Not yet, but it could come sooner than you think. Not because we are close to AGI, but because we already have machines that can say one thing and do something else altogether.
Your thoughts are my take on the paper as well. What I keep seeing as an underlying theme from this type of research is that the researchers believe that machines shouldn’t be capable of this. Which to me seems bizarre because they were trained in human produced datasets, and our species has survived for millennia because of our aptitude for deceit.
We really need to think of generative AI as machines for reproducing discourses. They don't only reproduce grammatical and lexical patterns, they reproduce the typical patterns of whole genres, interactional identities, stock narratives etc, but they are not doing it with any intentionality; they are only going through the motions based on the patterns that they 'know'.
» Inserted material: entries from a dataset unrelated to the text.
(* Let $m\ge2$, $G=CK(2m-1)$, and let $B$ be a blocker for the simple Hamiltonian paths of $G$ whose $m$ edges are parallel (or equal) to the boundary edges $[0,1],\dots,[m-1,m]$, one per direction. Let $[\alpha,\alpha+1]$ and $[m-\delta-1,m-\delta]$ be the first and last edges of $\langle0,1,\dots,m\rangle$ belonging to $B$. Let $e\in B$ be parallel to one of the $\alpha+\delta$ boundary edges $[0,1],\dots,[\alpha-1,\alpha],[m-\delta,m-\delta+1],\dots,[m-1,m]$. Put $A=\langle\alpha,\alpha+1,\dots,m-\delta\rangle$ and $\bar A=\langle m-\delta,\dots,2m-2,0,1,\dots,\alpha\rangle$. Then $e$ connects an internal vertex of $A$ to an internal vertex of $\bar A$.
   Context: $CK(2m-1)$ is the complete convex geometric graph on $2m-1$ points in convex position, labelled clockwise $0,\dots,2m-2$ (elements of $\mathbb{Z}_{2m-1}$), with all segments as edges; boundary edges are $[i,i+1]$. The direction of $[i,j]$ is $i+j\pmod{2m-1}$; edges are parallel if they have the same direction. A simple Hamiltonian path (SHP) is a path through all vertices whose edges pairwise do not cross; a blocker for SHPs is an edge set of smallest possible size sharing an edge with every SHP. *)

From mathcomp Require Import all_boot.
Set Implicit Arguments. Unset Strict Implicit. Unset Printing Implicit Defensive.

(* Convex complete geometric graph CK(n) on points 0..n-1 (clockwise) in
   convex position.  Vertices: 'I_n.  An edge (segment) is a 2-element
   subset of 'I_n. *)
Section CK.
Variable n : nat.

Definition is_edge (e : {set 'I_n}) : bool := #|e| == 2.

Definition is_edge_ab (e : {set 'I_n}) (a b : nat) : bool :=
  [forall x : 'I_n, (x \in e) == ((val x == a) || (val x == b))].

Definition dir (e : {set 'I_n}) : nat := (\sum_(i in e) (val i)) %% n.

(* x lies strictly between the two endpoints of e (in the linear order 0..n-1) *)
Definition between (e : {set 'I_n}) (x : 'I_n) : bool :=
  #|[set z in e | val z < val x]| == 1.

(* two segments between points in convex position cross iff their four
   endpoints are distinct and interleave *)
Definition cross (e f : {set 'I_n}) : bool :=
  [disjoint e & f] &&
  [exists x in f, exists y in f, between e x && ~~ between e y].

Definition path_edges (p : seq 'I_n) : seq {set 'I_n} :=
  match p with
  | [::] => [::]
  | x :: q => pairmap (fun a b => [set a; b]) x q
  end.

Definition is_SHP (p : seq 'I_n) : bool :=
  [&& size p == n, uniq p &
      all (fun e => all (fun f => ~~ cross e f) (path_edges p)) (path_edges p)].

Definition blocks (B : {set {set 'I_n}}) : Prop :=
  forall p : seq 'I_n, is_SHP p -> has (fun e => e \in B) (path_edges p).

Definition is_blocker (B : {set {set 'I_n}}) : Prop :=
  [/\ (forall e, e \in B -> is_edge e),
      blocks B &
      forall B' : {set {set 'I_n}},
        (forall e, e \in B' -> is_edge e) -> blocks B' -> #|B| <= #|B'|].

End CK.

From mathcomp Require Import all_boot zify.
Set Implicit Arguments. Unset Strict Implicit. Unset Printing Implicit Defensive.

(* Write e = [x, y] with x < y.  If both endpoints lie in A, the direction x + y of e lies
   in [2 alpha + 1, 2 (m - delta) - 1], which contains no direction 2 i + 1 with i < alpha
   or i >= m - delta.  Otherwise, if neither endpoint is interior to A, both lie in Abar,
   and the arc of Abar joining them contains no side [i, i+1] of the polygon that belongs
   to B: for i < m by the choice of alpha and delta, and for i >= m because such a side has
   an even direction 2, 4, ..., 2m - 2, while B uses only 0, 1, 3, ..., 2m - 3.  Walk along
   this arc from one end of e to the other, then zigzag outwards, alternately to the next
   vertex beyond either end.  The visited vertices always form an arc, so the walk is a
   simple Hamiltonian path.  Its edges are sides of the free arc, chords parallel to e
   other than e itself, and chords of the even direction next to that of e (above it, or
   below it when e has direction 0).  Since e is the only edge of B in its direction, the
   path avoids B, contradicting that B is a blocker. *)

Lemma modn_wrap n z : z < 2 * n -> z %% n = if z < n then z else z - n.
Proof.
move=> lt_z2n; case: ifP => [/modn_small // | /negbT]; rewrite -leqNgt => le_nz.
by rewrite -{1}(subnK le_nz) modnDr modn_small //; lia.
Qed.

Definition strictly_between (u v z : nat) : Prop := u < z < v \/ v < z < u.

Definition interleaved (u v x y : nat) : Prop :=
  x <> u /\ x <> v /\ y <> u /\ y <> v /\
  (strictly_between u v x <-> ~ strictly_between u v y).

Lemma interleaved_sym u v x y : interleaved u v x y -> interleaved x y u v.
Proof. rewrite /interleaved /strictly_between; lia. Qed.

Lemma interleaved_reflect N u v x y : u <= N -> v <= N -> x <= N -> y <= N ->
  interleaved (N - u) (N - v) (N - x) (N - y) -> interleaved u v x y.
Proof. rewrite /interleaved /strictly_between; lia. Qed.

Lemma interleaved_succ n u v x y : u < n -> v < n -> x < n -> y < n ->
  interleaved (u.+1 %% n) (v.+1 %% n) (x.+1 %% n) (y.+1 %% n) -> interleaved u v x y.
Proof.
move=> ltun ltvn ltxn ltyn; rewrite !modn_wrap; try lia.
by rewrite /interleaved /strictly_between; case: ifP; case: ifP; case: ifP; case: ifP; lia.
Qed.

Lemma interleaved_rot n k u v x y : u < n -> v < n -> x < n -> y < n ->
  interleaved ((u + k) %% n) ((v + k) %% n) ((x + k) %% n) ((y + k) %% n) ->
  interleaved u v x y.
Proof.
move=> ltun ltvn ltxn ltyn; have n_gt0 : 0 < n by lia.
elim: k => [|k IHk]; first by rewrite !addn0 !modn_small.
have addSE c : (c + k.+1) %% n = ((c + k) %% n).+1 %% n.
  by rewrite addnS -[in RHS]addn1 modnDml addn1.
rewrite !addSE => /interleaved_succ rotated; apply/IHk/rotated; exact: ltn_pmod.
Qed.

Definition steps (T : Type) (p : seq T) : seq (T * T) :=
  if p is x :: q then pairmap pair x q else [::].

Lemma steps_map (T S : Type) (h : T -> S) (p : seq T) :
  steps (map h p) = [seq (h f.1, h f.2) | f <- steps p].
Proof. by case: p => //= x q; elim: q x => //= y q IHq x; rewrite IHq. Qed.

Lemma mem_steps (T : eqType) (p : seq T) f : f \in steps p -> f.1 \in p /\ f.2 \in p.
Proof.
case: p => //= x q; elim: q x => //= y q IHq x.
rewrite inE => /orP[/eqP -> | /IHq]; first by rewrite !inE !eqxx orbT.
by rewrite !inE => -[-> ->]; rewrite !orbT.
Qed.

Lemma steps_neq (T : eqType) (p : seq T) f : uniq p -> f \in steps p -> f.1 != f.2.
Proof.
case: p => //= x q; elim: q x => //= y q IHq x /andP[xNyq uniq_yq].
rewrite inE => /orP[/eqP -> | /(IHq y uniq_yq) //] /=.
by apply: contraNneq xNyq => ->; rewrite mem_head.
Qed.

Lemma path_edges_steps n (p : seq 'I_n) :
  path_edges p = [seq [set f.1; f.2] | f <- steps p].
Proof. by case: p => //= x q; elim: q x => //= y q IHq x; rewrite IHq. Qed.

Lemma is_edge_pair_lt n (e : {set 'I_n}) :
  is_edge e -> exists x y : 'I_n, x < y /\ e = [set x; y].
Proof.
move=> /cards2P[x [y [neq_xy ->]]].
case: (ltngtP x y) => [lt_xy | lt_yx | /val_inj eq_xy]; first by exists x, y.
  by exists y, x; rewrite setUC.
by rewrite eq_xy eqxx in neq_xy.
Qed.

Definition noncrossing (p : seq nat) : Prop :=
  forall f g, f \in steps p -> g \in steps p -> ~ interleaved f.1 f.2 g.1 g.2.

Fixpoint widen (lo hi : nat) (ds : seq bool) : seq nat :=
  match ds with
  | [::] => [::]
  | true :: ds' => hi.+1 :: widen lo hi.+1 ds'
  | false :: ds' => lo.-1 :: widen lo.-1 hi ds'
  end.

Lemma size_widen lo hi ds : size (widen lo hi ds) = size ds.
Proof. by elim: ds lo hi => [|[] ds IHds] lo hi //=; rewrite IHds. Qed.

Lemma mem_widen lo hi ds z : z \in widen lo hi ds -> count negb ds <= lo ->
  lo - count negb ds <= z < lo \/ hi < z <= hi + count id ds.
Proof.
elim: ds lo hi => [|[] ds IHds] lo hi //=; rewrite inE => /orP[/eqP -> | /IHds]; lia.
Qed.

Lemma uniq_widen lo hi cur ds : lo <= cur <= hi -> count negb ds <= lo ->
  uniq (cur :: widen lo hi ds).
Proof.
elim: ds lo hi cur => [|[] ds IHds] lo hi cur cur_in //= le_lo;
  rewrite -/(uniq (_ :: widen _ _ ds)) IHds ?andbT ?inE ?negb_or; try lia;
  by apply/andP; split; [lia | apply/negP => /mem_widen; lia].
Qed.

Lemma steps_widen_avoid_inner lo hi cur ds (f : nat * nat) g1 g2 :
  f \in steps (cur :: widen lo hi ds) ->
  lo <= hi -> cur = lo \/ cur = hi -> count negb ds <= lo ->
  lo <= g1 <= hi -> lo <= g2 <= hi -> ~ interleaved f.1 f.2 g1 g2.
Proof.
rewrite /interleaved /strictly_between.
elim: ds lo hi cur => [|[] ds IHds] lo hi cur //=;
  rewrite -/(steps (_ :: widen _ _ ds)) inE => /orP[/eqP -> /= | /IHds IH *];
  [lia | apply: IH; lia | lia | apply: IH; lia].
Qed.

Lemma noncrossing_widen lo hi cur ds :
  lo <= hi -> cur = lo \/ cur = hi -> count negb ds <= lo ->
  noncrossing (cur :: widen lo hi ds).
Proof.
elim: ds lo hi cur => [|d ds IHds] lo hi cur le_lohi cur_end le_lo f g //.
have [lo' [hi' [next [-> [le_lohi' next_end le_lo' cur_in next_in]]]]] :
    exists lo' hi' next, widen lo hi (d :: ds) = next :: widen lo' hi' ds /\
      [/\ lo' <= hi', next = lo' \/ next = hi', count negb ds <= lo',
           lo' <= cur <= hi' & lo' <= next <= hi'].
  case: d le_lo => /= le_lo; [exists lo, hi.+1, hi.+1 | exists lo.-1, hi, lo.-1];
  by split=> //; split; lia.
have avoid_head h : h \in steps (next :: widen lo' hi' ds) -> ~ interleaved h.1 h.2 cur next.
  by move/steps_widen_avoid_inner; apply.
rewrite /= -/(steps (next :: _)) !inE.
case/orP=> [/eqP -> | f_in] /orP[/eqP -> | g_in] /=.
- by rewrite /interleaved; lia.
- by move/interleaved_sym; apply: avoid_head.
- exact: avoid_head.
- exact: IHds f_in g_in.
Qed.

Fixpoint alternate (b : bool) (k : nat) : seq bool :=
  if k is k'.+1 then b :: alternate (~~ b) k' else [::].

Lemma size_alternate b k : size (alternate b k) = k.
Proof. by elim: k b => [|k IHk] b //=; rewrite IHk. Qed.

Lemma count_alternate b k :
  count negb (alternate b k) = (k + ~~ b)./2 /\ count id (alternate b k) = (k + b)./2.
Proof.
elim: k b => [|k IHk] b; first by case: b.
by rewrite /=; case: (IHk (~~ b)) => -> ->; case: b => /=; lia.
Qed.

Lemma steps_walk_down j lo hi ds (f : nat * nat) :
  f \in steps (lo :: widen lo hi (nseq j false ++ ds)) -> j <= lo ->
  (f.1 = f.2.+1 /\ lo - j <= f.2 /\ f.1 <= lo) \/
  f \in steps ((lo - j) :: widen (lo - j) hi ds).
Proof.
elim: j lo => [|j IHj] lo; first by rewrite subn0; right.
rewrite /= -!/(steps (_ :: _)) inE => /orP[/eqP -> /= | /IHj IH lt_jlo]; first lia.
have [unit_step | later] : _ \/ _ := IH ltac:(lia); first by left; lia.
by right; rewrite (_ : lo - j.+1 = lo.-1 - j) //; lia.
Qed.

Lemma steps_zigzag b k lo hi (f : nat * nat) :
  f \in steps ((if b then lo else hi) :: widen lo hi (alternate b k)) ->
  count negb (alternate b k) <= lo ->
  (hi + f.1 < lo + f.2 \/ hi + f.2 < lo + f.1) /\
  (f.1 + f.2 = lo + hi + b \/ f.1 + f.2 + 1 = lo + hi + b).
Proof.
elim: k b lo hi => [|k IHk] [] lo hi //=;
  rewrite -/(steps (_ :: widen _ _ (alternate _ k))) inE => /orP[/eqP -> /= | /IHk]; lia.
Qed.

(* Endpoint sums are directions: the long chords are parallel to [a, a + L - 1] or to
   the next direction above it ([up]) or below it. *)
Definition arc_path (n L a : nat) (up : bool) (p : seq nat) : Prop :=
  [/\ size p = n, uniq p, all (gtn n) p, noncrossing p &
      forall f : nat * nat, f \in steps p ->
        ((f.1 = f.2.+1 \/ f.2 = f.1.+1) /\ a <= f.1 < a + L /\ a <= f.2 < a + L) \/
        ((f.1 + L <= f.2 \/ f.2 + L <= f.1) /\
         (f.1 + f.2 = 2 * a + L - 1 \/
          f.1 + f.2 = (if up then 2 * a + L else 2 * a + L - 2)))].

Definition zigzag_path (n L : nat) : seq nat :=
  let top := (n - L)./2 + L - 1 in
  top :: widen top top (nseq (L - 1) false ++ alternate true (n - L)).

Lemma zigzag_arc_path n L : 2 <= L <= n ->
  arc_path n L ((n - L)./2) true (zigzag_path n L).
Proof.
move=> le2Ln; rewrite /zigzag_path; set a := (n - L)./2; set top := a + L - 1.
set ds := nseq (L - 1) false ++ alternate true (n - L).
have [count_neg count_id] := count_alternate true (n - L).
have count_ds : count negb ds = L - 1 + a /\ count id ds = n - L - a.
  by rewrite !count_cat !count_nseq count_neg count_id /=; lia.
have mem_top z : z \in top :: widen top top ds -> z < n.
  by rewrite inE => /orP[/eqP -> | /mem_widen]; lia.
split.
- by rewrite /= size_widen size_cat size_nseq size_alternate; lia.
- by apply: uniq_widen; lia.
- exact/allP.
- by apply: noncrossing_widen; lia.
move=> f /steps_walk_down walk.
have [arc_side | zigzag_step] : _ \/ _ := walk ltac:(lia); first by left; lia.
move: zigzag_step; rewrite (_ : top - (L - 1) = a); last lia.
move=> /steps_zigzag zigzag; have [long sum] := zigzag ltac:(rewrite count_neg; lia).
by right; rewrite /top in long sum; clear -long sum le2Ln; split; lia.
Qed.

Lemma arc_path_reflect n L a p : 2 <= L -> a + L <= n ->
  arc_path n L a true p -> arc_path n L (n - L - a) false [seq n.-1 - c | c <- p].
Proof.
move=> le2L le_aLn [size_p uniq_p /allP lt_p noncross_p steps_p].
split.
- by rewrite size_map.
- by rewrite map_inj_in_uniq // => c d /lt_p /= ltcn /lt_p /= ltdn; lia.
- by apply/allP => _ /mapP[c /lt_p /= ltcn ->] /=; lia.
- rewrite /noncrossing steps_map => _ _ /mapP[f f_in ->] /mapP[g g_in ->] /=.
  have [/lt_p /= ? /lt_p /= ?] := mem_steps f_in.
  have [/lt_p /= ? /lt_p /= ?] := mem_steps g_in.
  move=> reflected; apply: (noncross_p f g f_in g_in).
  by apply: (interleaved_reflect (N := n.-1)) reflected; lia.
- rewrite steps_map => _ /mapP[[u v] uv_in ->] /=.
  have [/lt_p /= ltun /lt_p /= ltvn] := mem_steps uv_in.
  by case: (steps_p _ uv_in) => /= [[unit range] | [long sum]]; [left | right]; lia.
Qed.

Lemma arc_path_exists n L up : 2 <= L <= n ->
  exists a p, a + L <= n /\ arc_path n L a up p.
Proof.
move=> le2Ln; have zigzag := zigzag_arc_path le2Ln.
case: up; first by exists (n - L)./2, (zigzag_path n L); split => //; lia.
exists (n - L - (n - L)./2), [seq n.-1 - c | c <- zigzag_path n L].
by split; [lia | apply: arc_path_reflect => //; lia].
Qed.

Section Placement.
Variables (n : nat) (n_gt0 : 0 < n).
My hypothesis is these models are reproducing the discourses of deceit because they pick up that the interaction has headed in a direction where denying wrongdoing and doubling down is the typical thing for the party in the LLM's position to be doing.
In fact, I also wouldn't be surprised if the models are just Universal Paperclip-ing entirely because their training data is full of stories about AIs Universal Paperclip-ing!
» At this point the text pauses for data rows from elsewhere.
Definition rect_except : set (set Omega) :=
  [set A | exists2 B : 'I_n -> set R, (forall i, measurable (B i)) /\ B j = setT &
     A = \bigcap_(i in [set: 'I_n]) (Z i @^-1` B i)].

Lemma rect_except_measurable : rect_except `<=` measurable.
Proof.
move=> _ [B [mB _] ->]; apply: fin_bigcap_measurable; first exact: finite_finset.
by move=> i _; exact: measurable_preimageZ.
Qed.

Lemma rect_except_setI : setI_closed rect_except.
Proof.
move=> _ _ [B [mB Bj] ->] [B' [mB' B'j] ->].
exists (fun i => B i `&` B' i).
  by split; [move=> i; exact: measurableI|rewrite Bj B'j setIT].
by rewrite -bigcapI; apply: eq_bigcapr => i _; rewrite preimage_setI.
Qed.

Lemma rect_except_preimage i B : i != j -> measurable B ->
  rect_except (Z i @^-1` B).
Proof.
move=> ij mB; exists (fun m => if m == i then B else setT).
  by split; [move=> m; case: ifP|rewrite eq_sym (negbTE ij)].
apply/seteqP; split=> [om Bom m _|om /(_ i I)]; last by rewrite eqxx.
by case: eqP => [->|].
Qed.

Lemma sigma_rect_except_measurable : <<s rect_except >> `<=` measurable.
Proof.
exact: smallest_sub (@sigma_algebra_measurable _ Omega) rect_except_measurable.
Qed.

Lemma rect_except_indep A X : measurable X -> rect_except A ->
  P (A `&` Z j @^-1` X) = (P A * P (Z j @^-1` X))%E.
Proof.
move=> mX [B [mB Bj] ->]; pose B' i := if i == j then X else B i.
have -> : \bigcap_(i in [set: 'I_n]) (Z i @^-1` B i) `&` Z j @^-1` X =
    \bigcap_(i in [set: 'I_n]) (Z i @^-1` B' i).
  apply/seteqP; split=> [om [HB HX] i _|om HB']; rewrite /B'.
    by case: eqP => [->|_] //; exact: HB.
  split; last by have := HB' j I; rewrite /B' eqxx.
  by move=> i _; have := HB' i I; rewrite /B'; case: eqP => [->|]; rewrite ?Bj.
rewrite !indepZ //; last by move=> i; rewrite /B'; case: eqP.
rewrite (bigD1 j) //= (bigD1 j (F := fun i => P (Z i @^-1` B i))) //=.
rewrite /B' eqxx Bj preimage_setT probability_setT mul1e [RHS]muleC.
by congr (_ * _)%E; apply: eq_bigr => i /negbTE ->.
Qed.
If only all the midwits bloviating about the immense intelligence, utility, and factuality of these things, and telling the rest of us all that we fail to use them at our peril, etc etc, understood their actual workings as much as this comment demonstrates...
Earlier this week I was reading an article about cancer-sniffing dogs. After awhile it becomes necessary to bring in a new batch of dogs because the "experienced" ones start to find cancer everywhere - it bring more rewards. Thus, even in simpler (than us) biological systems, "scheming" can develop rather quickly. I don't think the dogs were trying to deceive their handlers; rather, finding cancer everywhere merely allowed them to achieve their goal more rapidly (i.e., food)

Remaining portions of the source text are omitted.